Print nothing but the lines below starting at the line that holds "(* Times are" and ending at the line that holds "case: (ltnP (p + i) n) => [lt_pi | ge_pi].", including both, each exactly as written.

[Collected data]
=== Begin Enclosure ===

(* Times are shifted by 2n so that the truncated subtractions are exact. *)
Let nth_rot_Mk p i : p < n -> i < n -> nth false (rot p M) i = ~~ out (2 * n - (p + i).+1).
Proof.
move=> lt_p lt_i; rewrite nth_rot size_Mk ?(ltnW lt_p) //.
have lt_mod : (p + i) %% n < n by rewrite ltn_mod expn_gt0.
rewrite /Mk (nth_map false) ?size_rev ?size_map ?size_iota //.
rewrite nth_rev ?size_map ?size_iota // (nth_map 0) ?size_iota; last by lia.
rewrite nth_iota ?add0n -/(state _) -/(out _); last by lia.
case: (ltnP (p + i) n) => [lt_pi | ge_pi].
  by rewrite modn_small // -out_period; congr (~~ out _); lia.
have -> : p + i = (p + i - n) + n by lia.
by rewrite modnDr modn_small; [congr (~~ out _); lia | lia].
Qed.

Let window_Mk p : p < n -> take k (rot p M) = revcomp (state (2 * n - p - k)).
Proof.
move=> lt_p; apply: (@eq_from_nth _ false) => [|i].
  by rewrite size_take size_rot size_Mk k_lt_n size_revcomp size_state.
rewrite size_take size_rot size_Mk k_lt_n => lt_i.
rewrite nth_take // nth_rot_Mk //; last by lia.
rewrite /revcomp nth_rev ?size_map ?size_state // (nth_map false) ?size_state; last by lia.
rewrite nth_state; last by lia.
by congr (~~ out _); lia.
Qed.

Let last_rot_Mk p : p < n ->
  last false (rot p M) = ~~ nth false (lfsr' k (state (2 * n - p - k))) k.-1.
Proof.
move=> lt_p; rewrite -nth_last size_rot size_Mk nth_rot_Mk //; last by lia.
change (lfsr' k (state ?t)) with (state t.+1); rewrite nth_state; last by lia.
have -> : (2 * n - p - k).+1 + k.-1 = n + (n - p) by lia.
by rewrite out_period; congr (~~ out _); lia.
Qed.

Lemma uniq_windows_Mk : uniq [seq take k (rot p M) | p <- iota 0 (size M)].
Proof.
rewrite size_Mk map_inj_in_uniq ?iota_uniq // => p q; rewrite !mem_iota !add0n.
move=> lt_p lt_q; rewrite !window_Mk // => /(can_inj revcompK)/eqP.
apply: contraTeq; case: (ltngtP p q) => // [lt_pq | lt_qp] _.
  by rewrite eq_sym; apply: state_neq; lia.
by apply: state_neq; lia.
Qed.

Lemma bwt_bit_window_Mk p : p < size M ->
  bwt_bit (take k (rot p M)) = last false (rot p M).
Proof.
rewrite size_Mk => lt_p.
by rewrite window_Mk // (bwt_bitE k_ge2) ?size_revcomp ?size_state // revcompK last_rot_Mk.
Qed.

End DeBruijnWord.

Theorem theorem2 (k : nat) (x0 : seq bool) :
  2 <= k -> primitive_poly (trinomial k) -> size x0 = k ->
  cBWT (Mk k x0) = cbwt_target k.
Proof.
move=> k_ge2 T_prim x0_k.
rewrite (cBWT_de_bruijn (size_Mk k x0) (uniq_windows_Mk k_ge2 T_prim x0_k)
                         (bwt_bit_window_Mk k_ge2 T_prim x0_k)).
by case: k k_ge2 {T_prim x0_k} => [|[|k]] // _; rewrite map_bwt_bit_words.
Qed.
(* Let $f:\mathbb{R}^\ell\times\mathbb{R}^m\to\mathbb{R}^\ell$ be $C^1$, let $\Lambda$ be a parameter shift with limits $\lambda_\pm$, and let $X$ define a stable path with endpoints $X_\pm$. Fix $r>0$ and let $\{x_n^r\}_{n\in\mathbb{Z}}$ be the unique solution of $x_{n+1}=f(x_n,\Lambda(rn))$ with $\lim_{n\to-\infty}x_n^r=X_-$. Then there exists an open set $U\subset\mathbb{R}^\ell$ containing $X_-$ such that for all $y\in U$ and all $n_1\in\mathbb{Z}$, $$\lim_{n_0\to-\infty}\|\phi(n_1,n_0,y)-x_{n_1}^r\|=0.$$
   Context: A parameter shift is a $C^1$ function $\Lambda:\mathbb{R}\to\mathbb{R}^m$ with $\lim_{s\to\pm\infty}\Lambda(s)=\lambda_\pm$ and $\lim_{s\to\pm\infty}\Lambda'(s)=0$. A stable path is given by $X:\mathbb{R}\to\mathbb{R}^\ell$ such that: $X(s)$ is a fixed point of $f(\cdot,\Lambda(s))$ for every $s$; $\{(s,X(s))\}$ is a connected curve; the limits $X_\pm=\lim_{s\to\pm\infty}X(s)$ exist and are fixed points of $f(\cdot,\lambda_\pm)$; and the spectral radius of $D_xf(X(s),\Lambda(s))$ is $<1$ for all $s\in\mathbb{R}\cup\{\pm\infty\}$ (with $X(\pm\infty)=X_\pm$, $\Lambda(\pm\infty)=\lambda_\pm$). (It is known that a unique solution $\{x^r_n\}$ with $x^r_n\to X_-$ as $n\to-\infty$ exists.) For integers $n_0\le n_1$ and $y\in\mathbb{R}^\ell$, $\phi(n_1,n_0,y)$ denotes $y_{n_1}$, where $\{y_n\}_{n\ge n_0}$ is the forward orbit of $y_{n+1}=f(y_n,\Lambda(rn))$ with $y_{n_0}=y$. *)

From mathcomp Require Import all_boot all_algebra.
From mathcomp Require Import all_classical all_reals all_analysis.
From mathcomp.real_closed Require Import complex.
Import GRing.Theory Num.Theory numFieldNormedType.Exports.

=== End Enclosure ===
=== Begin Enclosure ===

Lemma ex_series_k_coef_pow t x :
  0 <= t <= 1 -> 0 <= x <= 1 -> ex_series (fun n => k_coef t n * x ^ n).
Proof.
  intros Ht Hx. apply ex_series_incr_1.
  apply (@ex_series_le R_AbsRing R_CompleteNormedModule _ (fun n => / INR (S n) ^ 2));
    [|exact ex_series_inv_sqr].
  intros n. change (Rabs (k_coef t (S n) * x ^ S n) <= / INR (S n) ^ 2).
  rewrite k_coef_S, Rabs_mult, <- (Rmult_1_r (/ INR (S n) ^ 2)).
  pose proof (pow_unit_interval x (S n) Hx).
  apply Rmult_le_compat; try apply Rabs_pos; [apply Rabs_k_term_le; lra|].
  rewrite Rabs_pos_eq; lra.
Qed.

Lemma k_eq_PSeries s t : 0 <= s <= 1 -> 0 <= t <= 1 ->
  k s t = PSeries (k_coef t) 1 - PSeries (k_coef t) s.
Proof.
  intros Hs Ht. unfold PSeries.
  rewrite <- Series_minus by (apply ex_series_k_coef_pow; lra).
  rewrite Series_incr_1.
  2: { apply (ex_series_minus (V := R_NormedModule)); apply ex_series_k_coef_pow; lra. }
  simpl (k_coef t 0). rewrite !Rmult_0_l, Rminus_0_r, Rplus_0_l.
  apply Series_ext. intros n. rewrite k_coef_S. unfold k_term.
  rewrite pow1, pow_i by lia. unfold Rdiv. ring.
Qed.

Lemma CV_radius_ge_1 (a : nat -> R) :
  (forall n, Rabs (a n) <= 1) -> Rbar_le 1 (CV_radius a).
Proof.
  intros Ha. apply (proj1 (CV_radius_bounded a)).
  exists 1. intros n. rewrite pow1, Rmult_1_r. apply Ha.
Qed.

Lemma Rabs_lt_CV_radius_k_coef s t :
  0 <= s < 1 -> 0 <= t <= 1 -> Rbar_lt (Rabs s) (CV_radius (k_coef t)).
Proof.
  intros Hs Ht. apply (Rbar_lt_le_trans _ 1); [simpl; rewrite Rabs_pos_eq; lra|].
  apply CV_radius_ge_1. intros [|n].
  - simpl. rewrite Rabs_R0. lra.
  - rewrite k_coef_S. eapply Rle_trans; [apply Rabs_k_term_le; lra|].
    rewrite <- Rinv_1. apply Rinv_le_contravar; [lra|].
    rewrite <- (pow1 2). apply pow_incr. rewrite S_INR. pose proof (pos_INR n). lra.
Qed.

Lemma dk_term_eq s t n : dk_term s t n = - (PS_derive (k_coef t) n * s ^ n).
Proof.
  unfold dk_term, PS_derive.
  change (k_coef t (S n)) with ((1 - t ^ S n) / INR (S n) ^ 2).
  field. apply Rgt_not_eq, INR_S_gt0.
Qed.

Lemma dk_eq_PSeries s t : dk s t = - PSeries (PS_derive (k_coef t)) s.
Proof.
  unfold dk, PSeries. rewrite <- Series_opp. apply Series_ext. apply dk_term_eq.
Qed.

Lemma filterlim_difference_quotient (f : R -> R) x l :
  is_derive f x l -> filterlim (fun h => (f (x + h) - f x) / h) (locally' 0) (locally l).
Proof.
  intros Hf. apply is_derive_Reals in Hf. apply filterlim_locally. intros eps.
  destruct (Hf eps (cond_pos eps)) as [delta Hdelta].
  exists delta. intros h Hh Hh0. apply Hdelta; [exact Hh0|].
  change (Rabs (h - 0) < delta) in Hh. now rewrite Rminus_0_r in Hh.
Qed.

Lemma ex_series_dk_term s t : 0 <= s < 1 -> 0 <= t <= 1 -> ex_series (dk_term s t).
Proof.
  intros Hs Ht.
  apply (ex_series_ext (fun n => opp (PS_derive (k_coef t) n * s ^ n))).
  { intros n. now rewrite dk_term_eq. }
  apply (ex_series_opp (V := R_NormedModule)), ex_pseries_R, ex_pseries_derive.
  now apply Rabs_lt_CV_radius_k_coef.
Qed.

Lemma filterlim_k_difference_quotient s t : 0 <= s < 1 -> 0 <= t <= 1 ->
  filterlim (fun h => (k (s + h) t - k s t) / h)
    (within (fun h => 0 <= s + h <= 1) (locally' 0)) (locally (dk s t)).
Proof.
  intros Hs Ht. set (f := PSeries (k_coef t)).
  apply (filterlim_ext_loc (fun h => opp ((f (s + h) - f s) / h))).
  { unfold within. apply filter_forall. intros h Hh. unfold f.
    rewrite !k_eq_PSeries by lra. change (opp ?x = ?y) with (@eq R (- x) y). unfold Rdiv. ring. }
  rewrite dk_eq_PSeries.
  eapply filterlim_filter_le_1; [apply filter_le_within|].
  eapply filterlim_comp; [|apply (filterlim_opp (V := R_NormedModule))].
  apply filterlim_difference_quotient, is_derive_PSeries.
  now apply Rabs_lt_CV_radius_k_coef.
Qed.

=== End Enclosure ===

=== Worked solution ===
(* Times are shifted by 2n so that the truncated subtractions are exact. *)
Let nth_rot_Mk p i : p < n -> i < n -> nth false (rot p M) i = ~~ out (2 * n - (p + i).+1).
Proof.
move=> lt_p lt_i; rewrite nth_rot size_Mk ?(ltnW lt_p) //.
have lt_mod : (p + i) %% n < n by rewrite ltn_mod expn_gt0.
rewrite /Mk (nth_map false) ?size_rev ?size_map ?size_iota //.
rewrite nth_rev ?size_map ?size_iota // (nth_map 0) ?size_iota; last by lia.
rewrite nth_iota ?add0n -/(state _) -/(out _); last by lia.
case: (ltnP (p + i) n) => [lt_pi | ge_pi].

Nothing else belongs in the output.